• [Input data]
- - -

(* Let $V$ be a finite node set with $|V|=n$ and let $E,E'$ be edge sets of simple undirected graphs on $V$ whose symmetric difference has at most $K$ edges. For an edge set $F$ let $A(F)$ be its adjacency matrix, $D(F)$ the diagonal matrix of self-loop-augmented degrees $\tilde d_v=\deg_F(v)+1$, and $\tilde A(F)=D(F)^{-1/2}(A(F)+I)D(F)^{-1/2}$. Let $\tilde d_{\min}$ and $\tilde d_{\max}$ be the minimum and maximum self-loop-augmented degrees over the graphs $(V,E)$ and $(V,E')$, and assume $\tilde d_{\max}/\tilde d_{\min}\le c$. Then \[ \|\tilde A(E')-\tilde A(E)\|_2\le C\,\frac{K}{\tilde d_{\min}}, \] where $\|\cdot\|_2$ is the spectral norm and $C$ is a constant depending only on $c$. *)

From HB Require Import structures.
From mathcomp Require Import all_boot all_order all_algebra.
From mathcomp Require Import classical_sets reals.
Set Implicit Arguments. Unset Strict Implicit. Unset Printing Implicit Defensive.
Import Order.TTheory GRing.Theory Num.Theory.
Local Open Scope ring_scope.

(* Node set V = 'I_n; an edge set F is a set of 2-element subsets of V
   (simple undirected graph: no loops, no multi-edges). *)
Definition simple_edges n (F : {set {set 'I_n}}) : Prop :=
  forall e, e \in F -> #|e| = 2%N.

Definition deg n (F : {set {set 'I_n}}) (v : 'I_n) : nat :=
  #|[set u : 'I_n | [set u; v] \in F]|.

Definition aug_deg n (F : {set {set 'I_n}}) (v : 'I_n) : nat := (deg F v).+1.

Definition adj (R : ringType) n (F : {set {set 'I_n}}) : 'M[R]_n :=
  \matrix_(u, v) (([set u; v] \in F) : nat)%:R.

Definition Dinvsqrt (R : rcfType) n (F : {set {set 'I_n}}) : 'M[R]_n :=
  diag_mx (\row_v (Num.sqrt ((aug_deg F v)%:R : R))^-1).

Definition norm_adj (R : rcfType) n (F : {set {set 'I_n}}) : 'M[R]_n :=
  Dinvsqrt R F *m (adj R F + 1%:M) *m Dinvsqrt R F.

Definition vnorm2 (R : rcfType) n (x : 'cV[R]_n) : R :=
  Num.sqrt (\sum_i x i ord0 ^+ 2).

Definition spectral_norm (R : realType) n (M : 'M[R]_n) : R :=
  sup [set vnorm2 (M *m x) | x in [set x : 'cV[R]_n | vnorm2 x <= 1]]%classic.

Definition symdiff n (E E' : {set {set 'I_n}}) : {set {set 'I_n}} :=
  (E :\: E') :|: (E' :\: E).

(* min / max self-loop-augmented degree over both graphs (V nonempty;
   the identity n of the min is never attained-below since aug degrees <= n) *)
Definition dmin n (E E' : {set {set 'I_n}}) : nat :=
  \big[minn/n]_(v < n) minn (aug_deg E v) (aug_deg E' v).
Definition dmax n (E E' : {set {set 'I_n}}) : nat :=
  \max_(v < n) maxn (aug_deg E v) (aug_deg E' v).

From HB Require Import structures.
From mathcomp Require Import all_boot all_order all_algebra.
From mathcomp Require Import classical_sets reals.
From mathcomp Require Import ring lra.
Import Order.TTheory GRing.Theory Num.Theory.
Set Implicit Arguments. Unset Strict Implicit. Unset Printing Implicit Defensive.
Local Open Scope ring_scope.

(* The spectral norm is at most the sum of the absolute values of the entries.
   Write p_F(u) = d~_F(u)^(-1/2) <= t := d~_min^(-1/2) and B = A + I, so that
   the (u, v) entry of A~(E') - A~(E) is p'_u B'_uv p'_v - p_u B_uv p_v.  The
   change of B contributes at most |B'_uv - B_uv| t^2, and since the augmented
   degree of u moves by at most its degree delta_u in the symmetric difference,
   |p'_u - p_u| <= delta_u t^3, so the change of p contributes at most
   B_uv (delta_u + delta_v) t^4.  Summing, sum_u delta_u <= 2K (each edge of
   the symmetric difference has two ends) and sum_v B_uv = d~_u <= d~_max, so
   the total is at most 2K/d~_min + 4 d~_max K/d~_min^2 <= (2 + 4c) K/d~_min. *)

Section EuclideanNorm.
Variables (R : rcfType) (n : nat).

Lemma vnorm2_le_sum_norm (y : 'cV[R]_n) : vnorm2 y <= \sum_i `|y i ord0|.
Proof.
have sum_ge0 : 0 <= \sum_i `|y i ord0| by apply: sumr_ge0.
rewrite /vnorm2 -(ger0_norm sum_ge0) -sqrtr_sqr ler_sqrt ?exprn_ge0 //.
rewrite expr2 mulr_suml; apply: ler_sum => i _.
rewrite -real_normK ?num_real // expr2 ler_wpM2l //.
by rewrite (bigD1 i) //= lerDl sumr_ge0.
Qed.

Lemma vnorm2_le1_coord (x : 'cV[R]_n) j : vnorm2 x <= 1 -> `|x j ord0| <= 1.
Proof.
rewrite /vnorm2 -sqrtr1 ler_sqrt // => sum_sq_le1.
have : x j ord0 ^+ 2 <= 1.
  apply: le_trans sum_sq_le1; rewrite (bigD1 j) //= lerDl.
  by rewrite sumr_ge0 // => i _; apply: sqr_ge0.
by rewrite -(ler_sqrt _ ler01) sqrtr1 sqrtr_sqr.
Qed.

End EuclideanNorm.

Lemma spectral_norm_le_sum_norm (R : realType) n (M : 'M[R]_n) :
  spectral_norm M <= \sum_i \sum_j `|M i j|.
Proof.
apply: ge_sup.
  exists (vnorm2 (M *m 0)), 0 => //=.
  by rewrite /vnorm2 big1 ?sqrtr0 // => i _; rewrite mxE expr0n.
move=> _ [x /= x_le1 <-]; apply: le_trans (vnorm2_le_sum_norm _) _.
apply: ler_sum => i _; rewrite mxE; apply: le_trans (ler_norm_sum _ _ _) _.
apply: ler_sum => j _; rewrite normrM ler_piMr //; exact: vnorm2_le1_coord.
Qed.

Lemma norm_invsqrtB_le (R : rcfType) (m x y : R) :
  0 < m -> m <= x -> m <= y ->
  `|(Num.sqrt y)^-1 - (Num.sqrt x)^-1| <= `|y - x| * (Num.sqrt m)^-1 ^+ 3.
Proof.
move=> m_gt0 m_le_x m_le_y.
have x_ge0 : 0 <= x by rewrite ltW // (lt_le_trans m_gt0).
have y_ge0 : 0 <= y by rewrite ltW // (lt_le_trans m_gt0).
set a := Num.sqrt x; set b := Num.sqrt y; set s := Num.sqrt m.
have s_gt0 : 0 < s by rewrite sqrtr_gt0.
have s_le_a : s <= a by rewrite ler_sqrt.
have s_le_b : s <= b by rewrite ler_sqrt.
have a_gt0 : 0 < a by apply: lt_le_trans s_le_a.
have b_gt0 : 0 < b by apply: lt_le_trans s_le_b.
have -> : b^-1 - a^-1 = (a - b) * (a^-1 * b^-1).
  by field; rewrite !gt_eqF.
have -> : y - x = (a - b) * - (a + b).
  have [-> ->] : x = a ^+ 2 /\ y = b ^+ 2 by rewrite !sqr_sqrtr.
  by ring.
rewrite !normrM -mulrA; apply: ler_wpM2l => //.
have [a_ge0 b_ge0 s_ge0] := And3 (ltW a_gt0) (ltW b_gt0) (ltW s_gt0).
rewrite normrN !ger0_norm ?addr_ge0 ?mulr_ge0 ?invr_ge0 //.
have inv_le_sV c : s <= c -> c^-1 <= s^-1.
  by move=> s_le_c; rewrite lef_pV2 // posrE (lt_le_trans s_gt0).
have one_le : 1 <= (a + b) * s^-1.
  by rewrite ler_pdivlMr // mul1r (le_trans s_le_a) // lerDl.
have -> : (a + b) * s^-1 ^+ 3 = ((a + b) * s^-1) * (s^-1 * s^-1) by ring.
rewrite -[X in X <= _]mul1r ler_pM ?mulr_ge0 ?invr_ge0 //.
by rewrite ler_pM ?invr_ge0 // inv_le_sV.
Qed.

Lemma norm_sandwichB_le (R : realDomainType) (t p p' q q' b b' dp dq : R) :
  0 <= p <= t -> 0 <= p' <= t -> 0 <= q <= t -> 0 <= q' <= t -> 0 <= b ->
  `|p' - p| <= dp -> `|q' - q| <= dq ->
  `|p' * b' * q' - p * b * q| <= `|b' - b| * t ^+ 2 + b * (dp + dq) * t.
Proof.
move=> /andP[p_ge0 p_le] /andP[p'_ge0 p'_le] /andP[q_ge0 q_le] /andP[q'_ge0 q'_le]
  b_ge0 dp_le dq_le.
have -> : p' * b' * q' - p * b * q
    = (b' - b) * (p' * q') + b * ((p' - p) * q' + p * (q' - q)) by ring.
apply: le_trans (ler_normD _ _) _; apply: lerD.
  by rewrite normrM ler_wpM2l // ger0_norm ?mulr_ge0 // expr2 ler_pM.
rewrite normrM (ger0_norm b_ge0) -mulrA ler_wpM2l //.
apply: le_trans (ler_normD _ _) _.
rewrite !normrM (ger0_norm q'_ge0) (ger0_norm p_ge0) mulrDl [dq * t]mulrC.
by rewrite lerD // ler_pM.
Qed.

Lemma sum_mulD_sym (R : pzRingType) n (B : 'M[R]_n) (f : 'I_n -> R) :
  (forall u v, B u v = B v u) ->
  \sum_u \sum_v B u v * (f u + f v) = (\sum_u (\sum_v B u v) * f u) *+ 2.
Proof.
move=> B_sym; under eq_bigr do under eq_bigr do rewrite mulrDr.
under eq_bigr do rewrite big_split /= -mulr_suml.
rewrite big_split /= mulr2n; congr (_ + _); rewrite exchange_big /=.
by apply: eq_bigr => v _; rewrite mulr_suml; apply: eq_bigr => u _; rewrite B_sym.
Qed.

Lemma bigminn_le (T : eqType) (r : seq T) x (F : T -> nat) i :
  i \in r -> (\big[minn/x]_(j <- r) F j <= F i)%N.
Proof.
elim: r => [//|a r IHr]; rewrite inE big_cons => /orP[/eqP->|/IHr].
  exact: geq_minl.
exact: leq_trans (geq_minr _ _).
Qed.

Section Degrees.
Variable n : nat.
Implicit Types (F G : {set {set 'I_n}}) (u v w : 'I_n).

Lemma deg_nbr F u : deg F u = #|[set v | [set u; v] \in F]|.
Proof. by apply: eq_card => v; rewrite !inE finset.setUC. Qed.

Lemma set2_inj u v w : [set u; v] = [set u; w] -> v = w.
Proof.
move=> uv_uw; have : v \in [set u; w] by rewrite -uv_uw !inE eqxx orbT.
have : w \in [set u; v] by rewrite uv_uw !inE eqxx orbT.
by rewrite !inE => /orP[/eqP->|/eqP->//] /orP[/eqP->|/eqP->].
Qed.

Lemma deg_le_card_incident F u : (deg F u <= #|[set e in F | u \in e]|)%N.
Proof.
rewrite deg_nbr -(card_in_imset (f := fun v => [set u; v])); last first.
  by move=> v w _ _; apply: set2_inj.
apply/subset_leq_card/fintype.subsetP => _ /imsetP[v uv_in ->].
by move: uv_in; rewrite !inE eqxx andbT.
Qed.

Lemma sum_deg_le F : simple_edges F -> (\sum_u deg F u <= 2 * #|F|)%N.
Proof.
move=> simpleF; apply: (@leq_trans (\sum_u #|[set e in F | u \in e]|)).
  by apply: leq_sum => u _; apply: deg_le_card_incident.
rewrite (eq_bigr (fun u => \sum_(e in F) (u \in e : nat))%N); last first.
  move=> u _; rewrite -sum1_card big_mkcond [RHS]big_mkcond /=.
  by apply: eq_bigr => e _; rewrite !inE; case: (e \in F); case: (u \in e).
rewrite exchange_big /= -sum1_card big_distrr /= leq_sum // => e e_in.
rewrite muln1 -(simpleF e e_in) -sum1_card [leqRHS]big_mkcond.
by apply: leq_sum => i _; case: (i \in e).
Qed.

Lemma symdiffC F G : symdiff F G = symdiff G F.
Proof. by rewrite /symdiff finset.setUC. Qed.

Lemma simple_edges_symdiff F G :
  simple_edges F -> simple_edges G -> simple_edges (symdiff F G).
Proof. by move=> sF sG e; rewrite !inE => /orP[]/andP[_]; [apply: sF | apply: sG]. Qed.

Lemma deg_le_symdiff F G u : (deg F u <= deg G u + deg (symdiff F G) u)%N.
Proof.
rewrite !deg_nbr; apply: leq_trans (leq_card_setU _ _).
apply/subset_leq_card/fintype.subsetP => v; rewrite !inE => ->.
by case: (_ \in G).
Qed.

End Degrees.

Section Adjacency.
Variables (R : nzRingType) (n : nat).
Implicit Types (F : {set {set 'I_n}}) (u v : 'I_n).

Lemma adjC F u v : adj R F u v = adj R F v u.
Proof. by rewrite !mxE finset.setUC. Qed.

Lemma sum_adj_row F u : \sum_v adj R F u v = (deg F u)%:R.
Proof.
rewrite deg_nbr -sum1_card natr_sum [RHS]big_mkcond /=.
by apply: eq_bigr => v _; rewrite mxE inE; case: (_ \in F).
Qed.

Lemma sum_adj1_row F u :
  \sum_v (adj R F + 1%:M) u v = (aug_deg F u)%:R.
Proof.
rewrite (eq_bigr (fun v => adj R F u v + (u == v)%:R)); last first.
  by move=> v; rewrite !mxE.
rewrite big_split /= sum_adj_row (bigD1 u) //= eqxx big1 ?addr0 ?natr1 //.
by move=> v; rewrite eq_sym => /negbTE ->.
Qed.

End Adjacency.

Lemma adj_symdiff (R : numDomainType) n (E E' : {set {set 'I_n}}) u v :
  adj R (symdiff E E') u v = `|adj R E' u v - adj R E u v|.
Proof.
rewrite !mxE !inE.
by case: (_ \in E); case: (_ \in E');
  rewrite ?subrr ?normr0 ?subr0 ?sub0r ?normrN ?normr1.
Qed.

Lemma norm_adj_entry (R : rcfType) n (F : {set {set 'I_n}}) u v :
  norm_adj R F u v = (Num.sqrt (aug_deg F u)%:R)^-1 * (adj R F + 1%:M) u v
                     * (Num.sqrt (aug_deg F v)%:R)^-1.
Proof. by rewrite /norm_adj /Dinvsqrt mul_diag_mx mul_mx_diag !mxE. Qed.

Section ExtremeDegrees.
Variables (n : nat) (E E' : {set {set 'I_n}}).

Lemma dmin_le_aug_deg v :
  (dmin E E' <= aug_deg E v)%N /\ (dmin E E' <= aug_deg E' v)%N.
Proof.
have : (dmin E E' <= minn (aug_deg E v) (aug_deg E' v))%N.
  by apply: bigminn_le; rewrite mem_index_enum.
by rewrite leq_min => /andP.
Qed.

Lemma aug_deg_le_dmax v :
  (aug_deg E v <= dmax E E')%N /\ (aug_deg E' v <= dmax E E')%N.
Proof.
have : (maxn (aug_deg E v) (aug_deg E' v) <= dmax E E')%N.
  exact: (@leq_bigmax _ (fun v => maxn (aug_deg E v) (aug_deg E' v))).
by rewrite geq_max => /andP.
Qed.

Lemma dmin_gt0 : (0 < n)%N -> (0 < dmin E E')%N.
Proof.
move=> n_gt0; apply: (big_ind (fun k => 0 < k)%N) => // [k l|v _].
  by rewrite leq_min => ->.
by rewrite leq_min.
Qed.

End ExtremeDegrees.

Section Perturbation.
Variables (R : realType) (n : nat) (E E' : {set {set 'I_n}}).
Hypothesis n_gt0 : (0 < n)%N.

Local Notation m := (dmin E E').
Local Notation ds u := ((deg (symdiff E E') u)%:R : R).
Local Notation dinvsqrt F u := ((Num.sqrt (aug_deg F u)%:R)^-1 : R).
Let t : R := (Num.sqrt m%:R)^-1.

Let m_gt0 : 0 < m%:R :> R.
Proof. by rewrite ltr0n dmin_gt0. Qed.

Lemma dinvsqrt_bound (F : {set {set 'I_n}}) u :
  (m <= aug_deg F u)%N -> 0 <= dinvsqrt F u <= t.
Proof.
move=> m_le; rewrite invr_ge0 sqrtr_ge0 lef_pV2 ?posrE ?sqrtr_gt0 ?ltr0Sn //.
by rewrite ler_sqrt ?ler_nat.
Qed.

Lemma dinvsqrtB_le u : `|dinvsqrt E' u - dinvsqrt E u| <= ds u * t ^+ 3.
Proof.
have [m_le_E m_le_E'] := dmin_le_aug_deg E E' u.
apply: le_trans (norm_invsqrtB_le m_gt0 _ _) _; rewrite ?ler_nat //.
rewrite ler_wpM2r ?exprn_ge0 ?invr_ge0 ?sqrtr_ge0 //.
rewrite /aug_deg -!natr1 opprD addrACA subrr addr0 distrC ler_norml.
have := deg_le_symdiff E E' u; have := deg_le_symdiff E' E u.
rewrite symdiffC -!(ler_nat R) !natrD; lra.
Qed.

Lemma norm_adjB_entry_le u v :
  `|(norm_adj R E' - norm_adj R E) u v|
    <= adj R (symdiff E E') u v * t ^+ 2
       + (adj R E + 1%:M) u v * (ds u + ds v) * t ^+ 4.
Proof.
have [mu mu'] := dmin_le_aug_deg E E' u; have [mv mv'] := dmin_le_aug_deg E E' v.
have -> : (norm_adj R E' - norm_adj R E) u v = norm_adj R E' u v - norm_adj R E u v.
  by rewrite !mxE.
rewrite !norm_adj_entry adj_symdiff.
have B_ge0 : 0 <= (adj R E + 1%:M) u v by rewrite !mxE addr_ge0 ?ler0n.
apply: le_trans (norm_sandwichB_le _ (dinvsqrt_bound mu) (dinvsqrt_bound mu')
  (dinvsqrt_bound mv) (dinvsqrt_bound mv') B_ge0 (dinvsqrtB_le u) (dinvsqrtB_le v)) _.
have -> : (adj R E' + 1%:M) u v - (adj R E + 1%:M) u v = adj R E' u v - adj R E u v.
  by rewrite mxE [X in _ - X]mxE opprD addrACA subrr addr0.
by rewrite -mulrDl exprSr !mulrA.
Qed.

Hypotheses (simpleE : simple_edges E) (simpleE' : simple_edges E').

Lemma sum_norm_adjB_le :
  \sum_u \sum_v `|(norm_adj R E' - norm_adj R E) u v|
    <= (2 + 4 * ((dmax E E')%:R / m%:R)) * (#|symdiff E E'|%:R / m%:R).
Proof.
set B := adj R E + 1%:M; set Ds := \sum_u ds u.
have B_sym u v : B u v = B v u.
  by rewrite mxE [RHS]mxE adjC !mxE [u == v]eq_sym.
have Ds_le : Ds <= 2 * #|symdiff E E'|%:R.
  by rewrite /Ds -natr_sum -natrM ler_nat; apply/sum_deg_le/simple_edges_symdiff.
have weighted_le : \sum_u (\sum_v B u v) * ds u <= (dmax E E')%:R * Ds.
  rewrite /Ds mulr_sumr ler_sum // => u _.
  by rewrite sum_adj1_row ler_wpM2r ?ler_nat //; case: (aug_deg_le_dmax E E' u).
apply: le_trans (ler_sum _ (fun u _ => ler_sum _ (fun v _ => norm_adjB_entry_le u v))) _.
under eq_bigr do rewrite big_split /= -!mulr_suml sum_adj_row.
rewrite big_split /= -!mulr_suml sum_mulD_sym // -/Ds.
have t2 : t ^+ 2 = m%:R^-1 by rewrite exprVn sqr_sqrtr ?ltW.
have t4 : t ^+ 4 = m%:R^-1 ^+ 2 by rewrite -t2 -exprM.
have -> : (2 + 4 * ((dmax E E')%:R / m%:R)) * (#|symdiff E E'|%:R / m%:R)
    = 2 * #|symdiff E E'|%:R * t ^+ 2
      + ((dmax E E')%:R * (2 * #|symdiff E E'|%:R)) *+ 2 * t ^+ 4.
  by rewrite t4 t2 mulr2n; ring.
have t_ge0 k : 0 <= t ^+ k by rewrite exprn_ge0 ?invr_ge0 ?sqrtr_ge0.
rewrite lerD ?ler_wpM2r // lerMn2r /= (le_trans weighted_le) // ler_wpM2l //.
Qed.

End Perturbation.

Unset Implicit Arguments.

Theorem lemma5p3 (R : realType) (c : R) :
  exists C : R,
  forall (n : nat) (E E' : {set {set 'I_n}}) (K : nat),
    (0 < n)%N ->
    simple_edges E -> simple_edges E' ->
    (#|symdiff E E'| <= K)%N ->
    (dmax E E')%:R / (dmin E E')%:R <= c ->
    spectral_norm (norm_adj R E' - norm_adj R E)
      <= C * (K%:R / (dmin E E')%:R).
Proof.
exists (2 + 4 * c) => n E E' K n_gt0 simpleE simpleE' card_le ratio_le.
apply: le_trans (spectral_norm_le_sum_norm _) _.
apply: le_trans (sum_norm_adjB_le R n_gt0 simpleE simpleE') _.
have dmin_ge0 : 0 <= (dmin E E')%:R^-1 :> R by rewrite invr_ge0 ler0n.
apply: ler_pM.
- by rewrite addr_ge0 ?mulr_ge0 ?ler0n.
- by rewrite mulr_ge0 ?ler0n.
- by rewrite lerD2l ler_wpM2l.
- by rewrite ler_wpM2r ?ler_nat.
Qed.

- - -

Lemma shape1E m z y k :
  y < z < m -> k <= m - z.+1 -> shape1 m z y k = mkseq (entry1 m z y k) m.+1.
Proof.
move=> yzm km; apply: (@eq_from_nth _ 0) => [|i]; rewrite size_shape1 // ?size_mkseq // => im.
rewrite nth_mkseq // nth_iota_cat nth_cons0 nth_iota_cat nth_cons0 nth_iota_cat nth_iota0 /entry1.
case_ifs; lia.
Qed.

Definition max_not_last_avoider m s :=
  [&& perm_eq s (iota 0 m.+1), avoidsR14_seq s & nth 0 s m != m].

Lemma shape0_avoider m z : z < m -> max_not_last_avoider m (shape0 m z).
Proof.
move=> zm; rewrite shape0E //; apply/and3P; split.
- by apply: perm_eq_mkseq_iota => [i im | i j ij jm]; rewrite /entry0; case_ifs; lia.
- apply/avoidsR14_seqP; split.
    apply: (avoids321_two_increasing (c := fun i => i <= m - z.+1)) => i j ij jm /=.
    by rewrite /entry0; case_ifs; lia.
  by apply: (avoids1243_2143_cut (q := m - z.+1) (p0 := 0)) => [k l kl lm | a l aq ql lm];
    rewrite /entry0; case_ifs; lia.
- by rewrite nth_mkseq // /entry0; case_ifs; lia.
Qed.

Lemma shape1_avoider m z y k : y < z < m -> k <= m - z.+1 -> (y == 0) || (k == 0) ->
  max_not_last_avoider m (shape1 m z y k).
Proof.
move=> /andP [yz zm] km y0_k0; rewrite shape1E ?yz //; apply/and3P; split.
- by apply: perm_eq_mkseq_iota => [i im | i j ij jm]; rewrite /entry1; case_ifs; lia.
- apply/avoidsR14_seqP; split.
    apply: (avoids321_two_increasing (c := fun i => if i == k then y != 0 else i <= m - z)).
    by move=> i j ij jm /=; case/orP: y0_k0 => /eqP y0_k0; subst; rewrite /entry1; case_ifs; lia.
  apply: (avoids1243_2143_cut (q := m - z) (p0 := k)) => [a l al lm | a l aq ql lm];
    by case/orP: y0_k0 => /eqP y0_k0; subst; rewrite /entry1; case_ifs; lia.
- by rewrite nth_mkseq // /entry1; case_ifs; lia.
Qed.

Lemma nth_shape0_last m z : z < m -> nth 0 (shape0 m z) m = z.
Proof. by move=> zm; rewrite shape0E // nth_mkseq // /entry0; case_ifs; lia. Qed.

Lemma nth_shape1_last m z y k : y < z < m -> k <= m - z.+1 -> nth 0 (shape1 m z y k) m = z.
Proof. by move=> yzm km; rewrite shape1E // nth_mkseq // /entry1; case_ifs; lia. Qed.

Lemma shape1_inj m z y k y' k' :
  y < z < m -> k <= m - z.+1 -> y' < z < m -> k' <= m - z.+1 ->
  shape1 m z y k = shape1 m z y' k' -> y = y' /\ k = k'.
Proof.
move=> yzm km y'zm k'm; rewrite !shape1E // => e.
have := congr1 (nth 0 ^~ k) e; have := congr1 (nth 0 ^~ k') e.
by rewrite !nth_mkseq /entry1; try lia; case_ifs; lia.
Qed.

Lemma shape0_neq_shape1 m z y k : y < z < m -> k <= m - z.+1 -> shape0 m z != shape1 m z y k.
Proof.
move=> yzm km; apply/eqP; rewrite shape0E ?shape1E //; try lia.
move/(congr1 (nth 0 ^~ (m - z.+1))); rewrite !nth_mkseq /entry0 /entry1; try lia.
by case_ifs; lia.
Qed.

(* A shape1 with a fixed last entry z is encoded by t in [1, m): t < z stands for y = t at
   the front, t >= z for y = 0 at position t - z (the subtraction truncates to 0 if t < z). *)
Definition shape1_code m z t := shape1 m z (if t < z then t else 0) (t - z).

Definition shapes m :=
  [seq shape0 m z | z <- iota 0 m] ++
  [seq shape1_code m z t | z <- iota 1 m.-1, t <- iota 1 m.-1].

- - -

• [Problem requirements] Repeat, character for character, the lines of the material above from the line with "by rewrite !nth_mkseq" through the line with "move=> yzm km; apply/eqP;".

• [Task result]
by rewrite !nth_mkseq /entry1; try lia; case_ifs; lia.
Qed.

Lemma shape0_neq_shape1 m z y k : y < z < m -> k <= m - z.+1 -> shape0 m z != shape1 m z y k.
Proof.
move=> yzm km; apply/eqP; rewrite shape0E ?shape1E //; try lia.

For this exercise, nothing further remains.